- Хорошо, - сказал Хайме с заметным отчаянием. - Но раз вы не хотите помочь мне, я вынужден найти иной выход из положения, и он у меня есть. Вы старшая в семье, и у вас мне надо попросить совета. Я собираюсь жениться, меня может спасти брак с богатой женщиной, но она не нашего сословия и низкого происхождения. Что мне делать?..

Он ожидал от своей тетки изумления, любопытства. Быть может, ее смягчит известие о его женитьбе. Он был почти уверен в том, что раз чести их рода грозит опасность, она пойдет на все и окажет ему поддержку. Однако изумленным и напуганным оказался сам Хайме, заметив холодную усмешку на бледных губах старухи.
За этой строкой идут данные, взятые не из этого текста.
Lemma adjmxE m n (M : 'M[U]_(m, n)) i j : adjmx M i j = ustar (M j i).
Proof. by rewrite !mxE. Qed.

Lemma adjmxK m n : cancel (@adjmx m n) (@adjmx n m).
Proof. by move=> M; apply/matrixP=> i j; rewrite !adjmxE ustarK. Qed.

Lemma adjmxM m n p (M : 'M[U]_(m, n)) (N : 'M[U]_(n, p)) :
  adjmx (M *m N) = adjmx N *m adjmx M.
Proof.
apply/matrixP=> i j; rewrite adjmxE !mxE raddf_sum; apply: eq_bigr => l _.
by rewrite !adjmxE -ustarM.
Qed.

Lemma adjmx0 m n : adjmx (0 : 'M[U]_(m, n)) = 0.
Proof. by rewrite /adjmx trmx0 map_mx0. Qed.

Lemma adjmxD m n (M N : 'M[U]_(m, n)) : adjmx (M + N) = adjmx M + adjmx N.
Proof. by rewrite /adjmx linearD map_mxD. Qed.

Lemma adjmxB m n (M N : 'M[U]_(m, n)) : adjmx (M - N) = adjmx M - adjmx N.
Proof. by rewrite /adjmx linearB map_mxB. Qed.

Lemma adjmx1 n : adjmx (1%:M : 'M[U]_n) = 1%:M.
Proof.
apply/matrixP=> i j; rewrite adjmxE !mxE eq_sym.
by case: (i == j); rewrite ?ustar1 ?raddf0.
Qed.

Lemma adjmx_row m n1 n2 (M1 : 'M[U]_(m, n1)) (M2 : 'M[U]_(m, n2)) :
  adjmx (row_mx M1 M2) = col_mx (adjmx M1) (adjmx M2).
Proof. by rewrite /adjmx tr_row_mx map_col_mx. Qed.

Lemma adjmx_col m1 m2 n (M1 : 'M[U]_(m1, n)) (M2 : 'M[U]_(m2, n)) :
  adjmx (col_mx M1 M2) = row_mx (adjmx M1) (adjmx M2).
Proof. by rewrite /adjmx tr_col_mx map_row_mx. Qed.

Lemma adjmx_block m1 m2 n1 n2 (Mul : 'M[U]_(m1, n1)) (Mur : 'M[U]_(m1, n2))
    (Mdl : 'M[U]_(m2, n1)) (Mdr : 'M[U]_(m2, n2)) :
  adjmx (block_mx Mul Mur Mdl Mdr) =
  block_mx (adjmx Mul) (adjmx Mdl) (adjmx Mur) (adjmx Mdr).
Proof. by rewrite /adjmx tr_block_mx map_block_mx. Qed.

Definition overA m n (M : 'M[U]_(m, n)) : Prop := forall i j, (M i j).2 = 0.

Lemma overA_mulmxl m n p (M : 'M[U]_(m, n)) (N : 'M[U]_(n, p)) :
  overA M -> overA (M *m N).
Proof.
move=> MA i j; rewrite mxE (big_morph snd (fun _ _ => erefl) erefl) big1 // => l _.
by rewrite /= MA mul0r.
Qed.

Lemma overA_mulmxr m n p (M : 'M[U]_(m, n)) (N : 'M[U]_(n, p)) :
  overA N -> overA (M *m N).
Proof.
move=> NA i j; rewrite mxE (big_morph snd (fun _ _ => erefl) erefl) big1 // => l _.
by rewrite /= NA mulr0.
Qed.

Lemma overA_adjmx m n (M : 'M[U]_(m, n)) : overA M -> overA (adjmx M).
Proof. by move=> MA i j; rewrite adjmxE /= MA conjc0. Qed.

Lemma overA0 m n : overA (0 : 'M[U]_(m, n)).
Proof. by move=> i j; rewrite mxE. Qed.

Lemma overAD m n (M N : 'M[U]_(m, n)) : overA M -> overA N -> overA (M + N).
Proof. by move=> MA NA i j; rewrite !mxE /= MA NA addr0. Qed.

Lemma overAB m n (M N : 'M[U]_(m, n)) : overA M -> overA N -> overA (M - N).
Proof. by move=> MA NA i j; rewrite !mxE /= MA NA subr0. Qed.

Lemma overA_row m n1 n2 (M1 : 'M[U]_(m, n1)) (M2 : 'M[U]_(m, n2)) :
  overA M1 -> overA M2 -> overA (row_mx M1 M2).
Proof.
by move=> M1A M2A i j; rewrite -(splitK j); case: (split j) => k; rewrite ?row_mxEl ?row_mxEr.
Qed.

Lemma overA_col m1 m2 n (M1 : 'M[U]_(m1, n)) (M2 : 'M[U]_(m2, n)) :
  overA M1 -> overA M2 -> overA (col_mx M1 M2).
Proof.
by move=> M1A M2A i j; rewrite -(splitK i); case: (split i) => k; rewrite ?col_mxEu ?col_mxEd.
Qed.

Lemma overA_block m1 m2 n1 n2 (Mul : 'M[U]_(m1, n1)) (Mur : 'M[U]_(m1, n2))
    (Mdl : 'M[U]_(m2, n1)) (Mdr : 'M[U]_(m2, n2)) :
  overA Mul -> overA Mur -> overA Mdl -> overA Mdr -> overA (block_mx Mul Mur Mdl Mdr).
Proof. by move=> *; apply: overA_col; apply: overA_row. Qed.

Definition dsum m n (P : 'M[U]_m) (Q : 'M[U]_n) : 'M[U]_(m + n) := block_mx P 0 0 Q.

Lemma overA_dsum m n (P : 'M[U]_m) (Q : 'M[U]_n) : overA P -> overA Q -> overA (dsum P Q).
Proof. by move=> PA QA; apply: overA_block => //; apply: overA0. Qed.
- Я знаю об этом, - сказала она. - Мне обо всем рассказали нынче утром в церкви святой Евлалии, после мессы. Вчера ты был в Вальдемосе. Ты женишься... Ты женишься на... чуэте.

Ей трудно было вымолвить это слово, и, произнеся его, она содрогнулась. В гостиной наступило долгое молчание, трагическое и всеобъемлющее, какое обычно наступает вслед за великими катастрофами: казалось, обвалился дом и вдали замерло эхо от падения последней стены.

- Что вы об этом думаете? - осмелился робко спросить Хайме.

- Делай что хочешь, - холодно ответила Папесса. - Тебе известно, что мы не виделись долгие годы, и что так может продолжаться и до конца наших дней. Теперь мы с тобой будто люди разной крови, мыслим по-разному и не понимаем друг друга.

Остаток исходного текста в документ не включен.